После разрыва с Фрейдом от Юнга отвернулись многие представители психоаналитической школы. Он покинул пост президента Психоаналитической ассоциации. Юнг уподобился астронавту, лишившемуся сцепки с коллегой. Дальше ему предстояло двигаться одному. Но по какому пути? Он представлял это себе весьма смутно.
Ему чрезвычайно помогло то обстоятельство, что он был женат на богатой наследнице. Он ушел из университета и сократил частную практику, решив, что займется поиском универсальных истин и изучением функционирования своего собственного разума.
Шесть следующих лет Юнг посвятил тому, чтобы вызывать у себя видения и слушать голоса. Все свои ощущения он тщательно записывал. Порой его охватывал страх, что он сходит с ума. В 1914 году, когда началась Первая мировая война, он убедился, что некоторые из его жутких видений оказались пророческими. Он завел любовницу – бывшую пациентку двадцати с небольшим лет – и даже приглашал ее к себе домой на воскресный ужин.
Наконец он совершил прорыв. Он познакомился с неким стариком по имени Филемон, которого преследовали повторяющиеся видения. Юнг разговаривал с ним, прогуливаясь по саду. Постепенно он пришел к выводу, что старик служит своего рода отражением его собственных мыслей и чувств. Юнг отошел от Фрейда и нашел нового наставника в себе самом. (Эта самостоятельность не отличалась безупречностью – позже Юнга обвиняли в антисемитизме.)
Оставшуюся жизнь Юнг провел, пытаясь понять, что с ним произошло за эти неспокойные шесть лет. «Мне потребовалось почти 45 лет, чтобы растворить в пробирке науки все, что я испытал, – писал он в 1961 году, незадолго до смерти. – Я столкнулся с потоком лавы, и это полностью изменило мою жизнь».

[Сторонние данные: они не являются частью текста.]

Lemma segment_level_points a c al be x : a <> (0, 0) -> al <= be ->
  segment (level_point a c al) (level_point a c be) x <-> dot a x = c /\ al <= abscissa a x <= be.
Proof.
  intros Ha Hab; unfold segment.
  change (padd (pscale (1 - ?t) ?p) (pscale ?t ?q)) with (comb t p q).
  split.
  - intros [t [Ht ->]].
    rewrite dot_comb, abscissa_comb, !dot_level_point, !abscissa_level_point by auto.
    split; [ring | nra].
  - intros [Hx Hs]; destruct (Req_dec al be) as [<- | Hne].
    + exists 0; split; [lra|]; apply (coords_inj a); [auto | |];
        rewrite ?dot_comb, ?abscissa_comb, ?dot_level_point, ?abscissa_level_point by auto; lra.
    + exists ((abscissa a x - al) / (be - al)); split.
      * apply ratio_between_le; lra.
      * apply (coords_inj a);
          rewrite ?dot_comb, ?abscissa_comb, ?dot_level_point, ?abscissa_level_point by auto;
          [auto | rewrite Hx; ring | field; lra].
Qed.

Lemma dist2_level_points a c c' al be al' be' : be - al = be' - al' ->
  dist2 (level_point a c al) (level_point a c be) = dist2 (level_point a c' al') (level_point a c' be').
Proof.
  intros E; replace be with (be' - al' + al) by lra.
  unfold dist2, level_point; simpl; f_equal; unfold Rdiv, Rsqr; ring.
Qed.

Lemma Rabs_fst_le_dist2 p q : Rabs (fst p - fst q) <= dist2 p q.
Proof.
  unfold dist2; rewrite <- sqrt_Rsqr_abs; apply sqrt_le_1_alt.
  pose proof (Rle_0_sqr (snd p - snd q)); lra.
Qed.

Lemma Rabs_snd_le_dist2 p q : Rabs (snd p - snd q) <= dist2 p q.
Proof.
  unfold dist2; rewrite <- sqrt_Rsqr_abs; apply sqrt_le_1_alt.
  pose proof (Rle_0_sqr (fst p - fst q)); lra.
Qed.

Lemma dist2_comb t p q : 0 <= t -> dist2 p (comb t p q) = t * dist2 p q.
Proof.
  intros Ht; unfold dist2, comb, padd, pscale; simpl.
  transitivity (sqrt (Rsqr t * (Rsqr (fst p - fst q) + Rsqr (snd p - snd q)))).
  - f_equal; unfold Rsqr; ring.
  - rewrite sqrt_mult_alt, sqrt_Rsqr; auto; apply Rle_0_sqr.
Qed.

По существу, Юнг разработал теорию взросления. Он полагал, что начиная с пубертатного возраста и до 35 лет нами правит наше эго. Это взрывоопасная часть нашего естества, которая жаждет общественного статуса и одобрения окружающих. В этот период мы соблюдаем нормы, заводим семью, строим карьеру.
Но к 35–40 годам что-то меняется. Люди в этом возрасте начинают противостоять той скрытой части себя, которой они стыдятся. Они посвящают жизнь тому, чтобы утаить от окружающих эту часть своей личности. Юнг назвал ее der Schatten, что означает «тень». «Тень, – писал он, – это та часть человека, какой он не хочет быть».

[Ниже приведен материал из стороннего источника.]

Lemma word_boundary n (sq : cube 2 -> cube n) : boxmap sq ->
  word (boundary_s sq) = word (boundary_t sq) \/
  bruhat_step (word (boundary_s sq)) (word (boundary_t sq)).
Proof.
case/boxmap_join_map => c [s [s_mono sqE]].
have sqk z k : sq z k = c k || (s ord0 == Some k) && z ord0 || (s ord_max == Some k) && z ord_max.
  by rewrite sqE ffunE exists_ord2 orbA.
have flipsE (e : edge n) (d P : pred 'I_n) : (forall z k, e z k = d k || P k && z ord0) ->
    flips e = [seq k <- enum 'I_n | P k && ~~ d k].
  move=> eE; apply: eq_filter => k; rewrite /= !eE !ffunE andbF andbT orbF.
  by case: (d k); case: (P k).
rewrite /word /= !cats0.
rewrite (flipsE _ c (fun k => s ord_max == Some k)); last first.
  by move=> z k; rewrite sqk !face2E /= andbF orbF.
rewrite (flipsE _ (fun k => c k || (s ord_max == Some k)) (fun k => s ord0 == Some k)); last first.
  by move=> z k; rewrite sqk !face2E /= andbT orbAC.
rewrite (flipsE _ c (fun k => s ord0 == Some k)); last first.
  by move=> z k; rewrite sqk !face2E /= andbF orbF.
rewrite (flipsE _ (fun k => c k || (s ord0 == Some k)) (fun k => s ord_max == Some k)); last first.
  by move=> z k; rewrite sqk !face2E /= andbT.
rewrite !filter_enum_some.
case E0: (s ord0) => [k0|]; case E1: (s ord_max) => [k1|] /=; last 3 first.
- by left; rewrite (_ : None == Some k0 = false) // orbF cats0.
- by left; rewrite (_ : None == Some k1 = false) // orbF cats0.
- by left.
rewrite !(inj_eq (@Some_inj _)) eq_sym.
case: eqVneq => [->|k01]; first by left.
case: (c k0); case: (c k1); rewrite /= ?cats0; try by left.
right; exists [::], [::], k1, k0; split => //.
by rewrite ltn_neqAle val_eqE k01 (s_mono ord0 ord_max).
Qed.

(** * The weak Bruhat order *)

Fixpoint inversions n (s : seq 'I_n) : nat :=
  if s is x :: s' then count (fun y : 'I_n => (y < x)%N) s' + inversions s' else 0.

Lemma inversions_step n (s t : seq 'I_n) : bruhat_step s t -> inversions s = (inversions t).+1.
Proof.
case=> s1 [s2 [x [y [yx [-> ->]]]]]; elim: s1 => [|z s1 IH] /=.
  by rewrite yx ltnNge ltnW //=; lia.
by rewrite IH !count_cat /=; lia.
Qed.

Lemma bruhat_inversions n (s t : seq 'I_n) : bruhat s t -> s = t \/ (inversions t < inversions s)%N.
Proof.
elim=> {s t} [s t /inversions_step ->|s|s t u _ [-> //|ts] _ [<-|ut]]; [by right|by left|by right|].
by right; apply: ltn_trans ut ts.
Qed.

Lemma bruhat_antisym n (s t : seq 'I_n) : bruhat s t -> bruhat t s -> s = t.
Proof.
move=> /bruhat_inversions[// | ts] /bruhat_inversions[// | st].
by have := ltn_trans ts st; rewrite ltnn.
Qed.

Lemma bruhat_step_cat n (s t u v : seq 'I_n) :
  bruhat_step s t -> bruhat_step (u ++ s ++ v) (u ++ t ++ v).
Proof.
case=> s1 [s2 [x [y [yx [-> ->]]]]].
by exists (u ++ s1), (s2 ++ v), x, y; rewrite !catA -!cat_cons !catA.
Qed.

Lemma sigma_bruhat_step n (A : {set 'I_n}) s t : bruhat_step s t -> sigma A s -> sigma A t.
Proof.
case=> s1 [s2 [x [y [_ [-> ->]]]]] [su sA].
have st : perm_eq (s1 ++ x :: y :: s2) (s1 ++ y :: x :: s2).
  by rewrite perm_cat2l -[x :: y :: s2]/([:: x] ++ [:: y] ++ s2) perm_catCA.
by split; [rewrite -(perm_uniq st) | rewrite -sA; apply/setP => j; rewrite !inE (perm_mem st)].
Qed.

Lemma sigma_bruhat n (A : {set 'I_n}) s t : bruhat s t -> sigma A s -> sigma A t.
Proof.
elim=> {s t} [s t|//|s t u _ IHst _ IHtu /IHst/IHtu //].
exact: sigma_bruhat_step.
Qed.

Section PathsInCube.
Variables (n : nat) (a b : {set 'I_n}).

Lemma reparam_rel_canon p : is_cpath (vset a) p (vset b) ->
  reparam_rel a b p (canon (vset a) (word p)).
Proof.
move=> pab; have [wa wu bE] := cpath_word pab; have [h hc pE] := cpath_reparam pab.
split=> //; split; first by rewrite bE; case: (cpath_canon wa wu).
by exists h; rewrite size_canon.
Qed.

Lemma path_equiv_word p q : path_equiv a b p q -> word p = word q.
Proof. by elim=> // [x y [_ [_ [h [hc ->]]]]|x y z _ -> _ ->] //; apply: word_reparam. Qed.

Lemma path_equivP p q : is_cpath (vset a) p (vset b) -> is_cpath (vset a) q (vset b) ->
  path_equiv a b p q <-> word p = word q.
Proof.
move=> pab qab; split; first exact: path_equiv_word.
move=> pq; apply: rst_trans (rst_step _ _ _ _ (reparam_rel_canon pab)) _.
by rewrite pq; apply/rst_sym/rst_step/reparam_rel_canon.
Qed.

Lemma sigma_word p : is_cpath (vset a) p (vset b) -> sigma (b :\: a) (word p).
Proof.
case/cpath_word => wa wu /ffunP bE; split=> //; apply/setP => j.
move: (bE j) (wa j); rewrite !ffunE !inE => -> /=.
by case: (j \in word p) => [/(_ isT)/negbTE ->|_]; rewrite ?orbF ?andNb.
Qed.

Lemma elem_step_bruhat p q : elem_step a b p q -> bruhat (word p) (word q).
Proof.
case=> pre [post [sq [u [w [_ [sqb [_ [_ [_ [-> ->]]]]]]]]]].
rewrite !word_cat; case: (word_boundary sqb) => [st|st].
- by rewrite -[word [:: _; _]]/(word (boundary_s sq)) st; apply: rt_refl.
- exact/rt_step/bruhat_step_cat.
Qed.

Lemma leads_bruhat p q : leads a b p q -> bruhat (word p) (word q).
Proof.
elim=> {p q} [p q [/path_equiv_word -> | [p0 [q0 [/path_equiv_word -> [/elem_step_bruhat]]]]]
             | p | p q r _ pq _ qr].
- exact: rt_refl.
- by move=> st /path_equiv_word <-.
- exact: rt_refl.
- exact: rt_trans pq qr.
Qed.

Hypothesis ab : a \subset b.

Lemma sigma_raise s : sigma (b :\: a) s ->
  [/\ {in s, forall k, ~~ vset a k}, uniq s & raise (vset a) s = vset b].
Proof.
case=> su sE; have sba j : (j \in s) = (j \in b :\: a) by rewrite -sE inE.
split=> // [k|]; first by rewrite sba ffunE inE => /andP[].
apply/ffunP => j; rewrite !ffunE sba inE.
by case: (boolP (j \in a)) => [/(subsetP ab) ->|].
Qed.

Lemma cpath_canon_sigma s : sigma (b :\: a) s ->
  is_cpath (vset a) (canon (vset a) s) (vset b) /\ word (canon (vset a) s) = s.
Proof. by case/sigma_raise => sa su <-; apply: cpath_canon. Qed.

Я поняла, что люди вокруг меня борются со своими тенями. Моя подруга, последние десять лет утверждавшая, что пишет роман, наконец сказала, что намерена в дальнейшем заняться тем, к чему у нее на самом деле лежит душа, – дизайном ювелирных украшений.
Другая моя знакомая – она была замужем и имела двоих детей – призналась мужу и себе, что ее никогда не привлекали мужчины.
Противоборство со своей тенью не всегда приятно и не всегда приносит успех. Моя умная подруга, с молодости проявлявшая незаурядные интеллектуальные способности, за ужином поделилась со мной своей проблемой: ей стало трудно подолгу сосредоточенно заниматься серьезными вещами. «Мне сорок семь, и я не сделала ничего из того, что мне пророчили, когда мне было двадцать пять», – сокрушалась она.
Но борьба со своей тенью может также придать вам сил. Во время встречи с одним писателем кто-то из читателей спросил его, почему он решил написать детективный роман. «Потому что я понял, что никогда не напишу роман-идею», – ответил он.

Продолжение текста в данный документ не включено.